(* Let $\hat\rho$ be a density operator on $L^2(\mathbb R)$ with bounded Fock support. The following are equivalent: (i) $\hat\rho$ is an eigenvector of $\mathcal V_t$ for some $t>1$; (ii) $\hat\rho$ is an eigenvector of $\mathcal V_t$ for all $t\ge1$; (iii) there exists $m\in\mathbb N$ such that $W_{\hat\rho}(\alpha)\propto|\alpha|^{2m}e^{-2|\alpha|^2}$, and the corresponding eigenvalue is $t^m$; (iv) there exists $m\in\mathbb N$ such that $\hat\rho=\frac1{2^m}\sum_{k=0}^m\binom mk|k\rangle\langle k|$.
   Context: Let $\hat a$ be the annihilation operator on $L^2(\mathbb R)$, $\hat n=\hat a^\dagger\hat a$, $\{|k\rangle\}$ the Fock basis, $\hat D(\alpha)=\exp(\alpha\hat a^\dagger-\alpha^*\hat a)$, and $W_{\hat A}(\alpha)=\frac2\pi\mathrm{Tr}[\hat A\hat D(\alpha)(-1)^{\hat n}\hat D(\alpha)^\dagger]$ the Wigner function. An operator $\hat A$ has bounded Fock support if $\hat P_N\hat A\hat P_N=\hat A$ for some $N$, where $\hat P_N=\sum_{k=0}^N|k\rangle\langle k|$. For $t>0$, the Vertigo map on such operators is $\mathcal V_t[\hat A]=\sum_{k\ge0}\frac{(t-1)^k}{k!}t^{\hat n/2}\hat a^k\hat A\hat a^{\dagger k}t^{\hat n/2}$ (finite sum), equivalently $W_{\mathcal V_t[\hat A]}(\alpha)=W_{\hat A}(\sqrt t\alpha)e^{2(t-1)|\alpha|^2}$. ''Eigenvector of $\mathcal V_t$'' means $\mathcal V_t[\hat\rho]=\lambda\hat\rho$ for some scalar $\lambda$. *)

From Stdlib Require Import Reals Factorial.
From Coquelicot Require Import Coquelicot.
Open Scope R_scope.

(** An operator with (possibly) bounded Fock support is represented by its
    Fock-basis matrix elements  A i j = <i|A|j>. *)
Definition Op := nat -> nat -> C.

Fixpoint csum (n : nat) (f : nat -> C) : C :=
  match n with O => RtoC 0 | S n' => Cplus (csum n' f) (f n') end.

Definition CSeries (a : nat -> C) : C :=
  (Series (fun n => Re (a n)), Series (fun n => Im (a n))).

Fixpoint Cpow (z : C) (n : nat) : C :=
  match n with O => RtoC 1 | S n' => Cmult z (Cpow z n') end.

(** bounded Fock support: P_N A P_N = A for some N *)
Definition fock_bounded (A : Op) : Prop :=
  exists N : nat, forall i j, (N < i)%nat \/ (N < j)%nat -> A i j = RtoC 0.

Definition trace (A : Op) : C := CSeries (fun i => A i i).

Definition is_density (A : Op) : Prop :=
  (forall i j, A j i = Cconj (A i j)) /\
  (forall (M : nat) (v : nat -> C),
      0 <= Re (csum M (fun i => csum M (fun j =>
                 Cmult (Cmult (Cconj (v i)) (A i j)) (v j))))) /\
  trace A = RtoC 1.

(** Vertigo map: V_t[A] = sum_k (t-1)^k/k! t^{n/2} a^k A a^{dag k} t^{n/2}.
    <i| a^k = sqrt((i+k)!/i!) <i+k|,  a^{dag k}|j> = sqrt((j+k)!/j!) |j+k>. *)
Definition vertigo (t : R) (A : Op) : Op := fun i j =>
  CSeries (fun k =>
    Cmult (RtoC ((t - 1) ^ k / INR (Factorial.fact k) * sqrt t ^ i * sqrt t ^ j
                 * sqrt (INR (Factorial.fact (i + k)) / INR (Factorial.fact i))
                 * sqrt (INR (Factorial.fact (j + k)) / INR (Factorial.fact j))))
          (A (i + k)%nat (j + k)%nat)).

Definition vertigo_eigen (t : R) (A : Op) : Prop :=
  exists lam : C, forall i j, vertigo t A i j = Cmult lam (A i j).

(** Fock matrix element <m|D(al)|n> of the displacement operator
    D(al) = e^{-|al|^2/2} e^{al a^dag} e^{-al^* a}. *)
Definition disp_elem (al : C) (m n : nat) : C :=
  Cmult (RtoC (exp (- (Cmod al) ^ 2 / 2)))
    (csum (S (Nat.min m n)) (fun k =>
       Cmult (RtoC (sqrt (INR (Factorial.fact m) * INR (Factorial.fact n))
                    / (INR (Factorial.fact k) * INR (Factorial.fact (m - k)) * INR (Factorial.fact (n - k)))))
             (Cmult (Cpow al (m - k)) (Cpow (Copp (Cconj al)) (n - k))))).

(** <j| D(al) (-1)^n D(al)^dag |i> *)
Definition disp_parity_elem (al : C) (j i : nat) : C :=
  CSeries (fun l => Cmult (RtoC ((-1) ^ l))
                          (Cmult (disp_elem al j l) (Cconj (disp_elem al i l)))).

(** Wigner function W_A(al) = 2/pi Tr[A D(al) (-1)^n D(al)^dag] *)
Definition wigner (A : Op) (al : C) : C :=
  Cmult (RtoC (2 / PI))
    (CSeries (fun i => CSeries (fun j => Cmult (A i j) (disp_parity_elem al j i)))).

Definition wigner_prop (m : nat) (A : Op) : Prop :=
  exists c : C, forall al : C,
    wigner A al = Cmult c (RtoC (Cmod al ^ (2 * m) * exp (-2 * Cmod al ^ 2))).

...

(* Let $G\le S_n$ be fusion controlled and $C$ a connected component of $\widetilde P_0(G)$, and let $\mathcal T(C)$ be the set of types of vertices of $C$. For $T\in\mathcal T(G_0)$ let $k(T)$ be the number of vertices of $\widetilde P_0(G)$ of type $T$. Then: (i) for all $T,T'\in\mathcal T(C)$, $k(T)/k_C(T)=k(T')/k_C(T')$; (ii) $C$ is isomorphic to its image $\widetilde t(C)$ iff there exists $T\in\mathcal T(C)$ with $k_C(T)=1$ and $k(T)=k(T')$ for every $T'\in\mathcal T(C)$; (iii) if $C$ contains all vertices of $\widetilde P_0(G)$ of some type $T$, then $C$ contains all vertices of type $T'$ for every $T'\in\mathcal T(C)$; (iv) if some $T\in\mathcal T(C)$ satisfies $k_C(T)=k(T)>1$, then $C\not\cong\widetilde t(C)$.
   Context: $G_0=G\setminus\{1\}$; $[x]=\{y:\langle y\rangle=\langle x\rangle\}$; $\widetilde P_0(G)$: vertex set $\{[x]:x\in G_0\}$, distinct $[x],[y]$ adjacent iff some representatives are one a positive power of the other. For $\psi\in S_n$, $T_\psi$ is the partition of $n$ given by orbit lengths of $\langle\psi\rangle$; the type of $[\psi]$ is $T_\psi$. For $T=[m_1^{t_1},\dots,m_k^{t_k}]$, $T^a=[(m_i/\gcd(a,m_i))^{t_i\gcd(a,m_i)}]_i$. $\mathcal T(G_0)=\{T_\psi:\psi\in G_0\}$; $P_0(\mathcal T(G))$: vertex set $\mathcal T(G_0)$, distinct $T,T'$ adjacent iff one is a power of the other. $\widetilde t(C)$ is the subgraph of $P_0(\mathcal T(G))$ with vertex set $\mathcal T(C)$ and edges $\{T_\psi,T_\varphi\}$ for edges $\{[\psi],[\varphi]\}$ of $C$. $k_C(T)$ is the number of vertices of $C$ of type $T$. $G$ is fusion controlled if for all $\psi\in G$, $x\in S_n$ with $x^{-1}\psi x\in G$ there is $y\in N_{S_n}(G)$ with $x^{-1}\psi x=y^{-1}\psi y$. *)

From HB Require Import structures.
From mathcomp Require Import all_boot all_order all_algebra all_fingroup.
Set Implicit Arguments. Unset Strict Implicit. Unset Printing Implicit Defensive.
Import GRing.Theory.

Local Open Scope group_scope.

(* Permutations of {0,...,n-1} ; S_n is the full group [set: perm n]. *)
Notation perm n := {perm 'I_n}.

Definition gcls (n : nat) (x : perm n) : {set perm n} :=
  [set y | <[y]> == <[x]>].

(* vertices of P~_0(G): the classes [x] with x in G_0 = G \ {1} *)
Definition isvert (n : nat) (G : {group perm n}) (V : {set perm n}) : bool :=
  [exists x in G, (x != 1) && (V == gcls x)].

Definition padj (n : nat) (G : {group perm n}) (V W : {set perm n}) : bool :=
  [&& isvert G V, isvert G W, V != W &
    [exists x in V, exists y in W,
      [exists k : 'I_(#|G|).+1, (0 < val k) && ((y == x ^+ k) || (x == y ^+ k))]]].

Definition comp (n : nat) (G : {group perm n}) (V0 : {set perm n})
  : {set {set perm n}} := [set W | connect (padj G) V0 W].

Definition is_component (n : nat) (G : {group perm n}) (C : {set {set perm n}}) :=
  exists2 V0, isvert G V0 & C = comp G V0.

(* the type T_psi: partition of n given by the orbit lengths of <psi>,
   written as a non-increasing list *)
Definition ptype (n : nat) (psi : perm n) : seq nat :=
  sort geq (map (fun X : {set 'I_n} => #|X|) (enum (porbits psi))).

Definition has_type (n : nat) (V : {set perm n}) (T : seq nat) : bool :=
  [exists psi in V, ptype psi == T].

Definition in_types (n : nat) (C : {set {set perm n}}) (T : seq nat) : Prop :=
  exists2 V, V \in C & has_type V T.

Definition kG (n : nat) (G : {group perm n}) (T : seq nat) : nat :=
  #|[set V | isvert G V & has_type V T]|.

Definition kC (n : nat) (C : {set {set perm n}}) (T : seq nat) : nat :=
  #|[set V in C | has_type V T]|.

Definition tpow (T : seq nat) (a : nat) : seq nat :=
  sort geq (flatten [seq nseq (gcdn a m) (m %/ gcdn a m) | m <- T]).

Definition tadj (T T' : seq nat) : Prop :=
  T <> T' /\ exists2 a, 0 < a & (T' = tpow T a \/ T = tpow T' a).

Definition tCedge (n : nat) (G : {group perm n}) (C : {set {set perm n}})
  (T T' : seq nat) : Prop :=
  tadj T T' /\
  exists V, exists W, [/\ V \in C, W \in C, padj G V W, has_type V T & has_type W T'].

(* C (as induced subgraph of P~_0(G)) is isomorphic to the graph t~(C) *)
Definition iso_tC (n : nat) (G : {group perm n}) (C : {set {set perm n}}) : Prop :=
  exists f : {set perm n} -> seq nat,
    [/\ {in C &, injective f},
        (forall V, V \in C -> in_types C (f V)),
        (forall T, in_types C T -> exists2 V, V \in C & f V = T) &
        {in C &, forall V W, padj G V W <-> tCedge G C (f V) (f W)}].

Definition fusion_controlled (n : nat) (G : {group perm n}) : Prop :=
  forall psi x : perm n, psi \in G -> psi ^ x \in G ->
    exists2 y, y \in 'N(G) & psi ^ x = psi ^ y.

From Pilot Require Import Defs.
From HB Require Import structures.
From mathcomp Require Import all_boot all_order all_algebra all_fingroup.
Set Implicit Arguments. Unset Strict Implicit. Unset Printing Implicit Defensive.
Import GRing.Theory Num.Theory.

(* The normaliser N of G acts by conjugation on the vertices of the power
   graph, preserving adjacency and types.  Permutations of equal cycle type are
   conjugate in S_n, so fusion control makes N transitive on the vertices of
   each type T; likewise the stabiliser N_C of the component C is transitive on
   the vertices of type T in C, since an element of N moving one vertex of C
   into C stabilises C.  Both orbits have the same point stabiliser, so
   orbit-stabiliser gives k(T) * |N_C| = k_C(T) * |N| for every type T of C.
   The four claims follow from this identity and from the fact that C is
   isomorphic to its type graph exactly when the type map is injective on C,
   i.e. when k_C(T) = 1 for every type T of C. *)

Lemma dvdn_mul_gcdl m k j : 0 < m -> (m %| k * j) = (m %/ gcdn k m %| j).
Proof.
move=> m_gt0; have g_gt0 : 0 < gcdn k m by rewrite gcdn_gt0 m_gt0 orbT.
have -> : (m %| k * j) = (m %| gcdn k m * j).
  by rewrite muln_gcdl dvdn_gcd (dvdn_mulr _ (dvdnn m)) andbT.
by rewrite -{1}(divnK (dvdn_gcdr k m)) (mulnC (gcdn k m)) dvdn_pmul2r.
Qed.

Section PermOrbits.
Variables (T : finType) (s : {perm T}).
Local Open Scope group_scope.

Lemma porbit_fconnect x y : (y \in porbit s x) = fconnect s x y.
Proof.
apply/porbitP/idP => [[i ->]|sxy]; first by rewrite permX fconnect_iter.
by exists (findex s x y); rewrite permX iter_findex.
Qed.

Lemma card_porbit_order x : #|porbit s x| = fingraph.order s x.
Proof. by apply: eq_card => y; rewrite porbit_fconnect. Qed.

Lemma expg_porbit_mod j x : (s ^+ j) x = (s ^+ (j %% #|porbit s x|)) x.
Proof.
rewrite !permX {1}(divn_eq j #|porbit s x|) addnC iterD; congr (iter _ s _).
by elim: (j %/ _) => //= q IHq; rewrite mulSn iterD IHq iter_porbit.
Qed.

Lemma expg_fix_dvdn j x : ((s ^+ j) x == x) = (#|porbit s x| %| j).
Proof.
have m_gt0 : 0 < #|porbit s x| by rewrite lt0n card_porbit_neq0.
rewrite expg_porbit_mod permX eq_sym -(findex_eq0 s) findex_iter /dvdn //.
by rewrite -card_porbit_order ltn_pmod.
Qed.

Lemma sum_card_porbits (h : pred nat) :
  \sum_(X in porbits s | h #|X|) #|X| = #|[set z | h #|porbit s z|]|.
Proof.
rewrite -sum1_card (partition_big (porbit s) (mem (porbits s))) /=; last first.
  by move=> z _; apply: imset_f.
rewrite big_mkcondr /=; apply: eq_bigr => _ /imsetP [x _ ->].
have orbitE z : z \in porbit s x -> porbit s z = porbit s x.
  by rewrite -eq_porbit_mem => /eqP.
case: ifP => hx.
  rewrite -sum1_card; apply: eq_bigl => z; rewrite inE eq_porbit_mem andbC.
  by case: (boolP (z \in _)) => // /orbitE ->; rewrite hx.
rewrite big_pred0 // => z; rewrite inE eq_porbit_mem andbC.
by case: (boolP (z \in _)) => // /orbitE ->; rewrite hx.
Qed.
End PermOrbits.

* * *

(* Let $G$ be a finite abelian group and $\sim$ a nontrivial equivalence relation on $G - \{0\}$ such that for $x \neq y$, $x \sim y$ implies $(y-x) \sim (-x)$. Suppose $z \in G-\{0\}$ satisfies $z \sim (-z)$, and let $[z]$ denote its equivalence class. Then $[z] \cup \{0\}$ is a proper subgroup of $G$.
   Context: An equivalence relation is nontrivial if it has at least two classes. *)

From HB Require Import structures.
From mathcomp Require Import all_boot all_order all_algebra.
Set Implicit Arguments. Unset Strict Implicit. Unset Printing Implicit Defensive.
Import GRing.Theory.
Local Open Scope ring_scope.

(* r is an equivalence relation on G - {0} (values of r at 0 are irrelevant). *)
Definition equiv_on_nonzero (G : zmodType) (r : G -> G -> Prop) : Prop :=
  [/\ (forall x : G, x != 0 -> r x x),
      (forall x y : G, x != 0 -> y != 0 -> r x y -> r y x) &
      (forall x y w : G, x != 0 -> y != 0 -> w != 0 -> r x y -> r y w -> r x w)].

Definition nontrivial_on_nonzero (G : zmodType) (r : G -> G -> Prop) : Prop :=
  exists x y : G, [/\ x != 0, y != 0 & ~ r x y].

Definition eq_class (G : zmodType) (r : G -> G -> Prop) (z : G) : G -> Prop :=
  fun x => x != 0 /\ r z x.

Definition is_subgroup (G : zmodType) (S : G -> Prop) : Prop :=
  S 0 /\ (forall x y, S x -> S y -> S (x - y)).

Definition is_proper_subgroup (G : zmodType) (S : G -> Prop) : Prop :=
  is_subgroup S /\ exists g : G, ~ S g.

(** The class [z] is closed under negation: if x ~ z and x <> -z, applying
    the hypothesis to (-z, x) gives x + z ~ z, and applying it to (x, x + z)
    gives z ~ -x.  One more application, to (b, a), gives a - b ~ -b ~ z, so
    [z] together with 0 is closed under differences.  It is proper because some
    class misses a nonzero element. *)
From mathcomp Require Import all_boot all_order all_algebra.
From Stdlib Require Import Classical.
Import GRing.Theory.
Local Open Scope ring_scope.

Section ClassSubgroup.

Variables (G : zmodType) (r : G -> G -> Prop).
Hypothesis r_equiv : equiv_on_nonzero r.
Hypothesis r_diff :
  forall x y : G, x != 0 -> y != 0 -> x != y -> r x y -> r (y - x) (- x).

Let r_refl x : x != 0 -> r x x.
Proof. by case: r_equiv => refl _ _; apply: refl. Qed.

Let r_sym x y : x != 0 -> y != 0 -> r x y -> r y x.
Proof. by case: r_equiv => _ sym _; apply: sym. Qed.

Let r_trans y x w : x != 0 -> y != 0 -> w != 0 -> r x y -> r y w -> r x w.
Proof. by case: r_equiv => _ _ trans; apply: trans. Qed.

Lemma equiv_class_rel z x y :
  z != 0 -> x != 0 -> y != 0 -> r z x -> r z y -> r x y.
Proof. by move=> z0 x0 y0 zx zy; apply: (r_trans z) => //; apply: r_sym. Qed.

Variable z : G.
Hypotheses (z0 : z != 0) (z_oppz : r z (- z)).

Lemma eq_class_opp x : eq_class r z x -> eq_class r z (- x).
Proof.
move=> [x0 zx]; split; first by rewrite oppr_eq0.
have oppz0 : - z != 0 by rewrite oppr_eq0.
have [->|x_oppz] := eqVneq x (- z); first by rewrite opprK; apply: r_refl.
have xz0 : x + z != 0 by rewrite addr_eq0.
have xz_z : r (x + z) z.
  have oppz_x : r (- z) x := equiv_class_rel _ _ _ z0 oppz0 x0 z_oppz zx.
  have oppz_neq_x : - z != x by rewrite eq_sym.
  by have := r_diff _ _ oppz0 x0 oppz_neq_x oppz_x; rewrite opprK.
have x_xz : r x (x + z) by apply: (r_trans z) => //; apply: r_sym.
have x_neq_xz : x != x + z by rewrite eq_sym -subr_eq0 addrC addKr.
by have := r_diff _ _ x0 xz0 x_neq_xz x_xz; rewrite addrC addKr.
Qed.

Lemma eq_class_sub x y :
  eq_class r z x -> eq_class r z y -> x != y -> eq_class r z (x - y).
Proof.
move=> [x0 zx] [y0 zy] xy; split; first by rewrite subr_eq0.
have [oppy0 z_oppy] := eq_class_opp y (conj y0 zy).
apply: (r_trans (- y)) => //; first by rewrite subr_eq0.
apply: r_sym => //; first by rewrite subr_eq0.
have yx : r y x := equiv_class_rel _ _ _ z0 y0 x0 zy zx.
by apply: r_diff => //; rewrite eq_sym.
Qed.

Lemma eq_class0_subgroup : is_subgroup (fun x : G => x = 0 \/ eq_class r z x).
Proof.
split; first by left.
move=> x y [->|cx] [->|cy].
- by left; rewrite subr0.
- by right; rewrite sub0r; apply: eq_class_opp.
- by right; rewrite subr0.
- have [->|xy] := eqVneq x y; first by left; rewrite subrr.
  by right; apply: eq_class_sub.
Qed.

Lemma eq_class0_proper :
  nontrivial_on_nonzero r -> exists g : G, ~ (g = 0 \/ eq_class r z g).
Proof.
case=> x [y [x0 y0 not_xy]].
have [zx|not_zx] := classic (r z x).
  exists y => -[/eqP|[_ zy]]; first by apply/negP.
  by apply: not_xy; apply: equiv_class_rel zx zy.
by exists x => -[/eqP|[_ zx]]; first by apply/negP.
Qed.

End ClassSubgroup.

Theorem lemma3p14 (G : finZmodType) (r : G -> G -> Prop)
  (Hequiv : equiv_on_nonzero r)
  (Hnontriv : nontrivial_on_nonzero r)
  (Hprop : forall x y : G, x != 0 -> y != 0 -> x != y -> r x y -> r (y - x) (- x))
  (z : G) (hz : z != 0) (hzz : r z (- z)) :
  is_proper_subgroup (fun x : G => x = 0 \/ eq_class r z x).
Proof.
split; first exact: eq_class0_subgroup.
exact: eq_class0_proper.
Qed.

> [Aim of the task]
Find the word "Cmod" in the records, and report each line that has it.

> [Your response]
  Cmult (RtoC (exp (- (Cmod al) ^ 2 / 2)))
    wigner A al = Cmult c (RtoC (Cmod al ^ (2 * m) * exp (-2 * Cmod al ^ 2))).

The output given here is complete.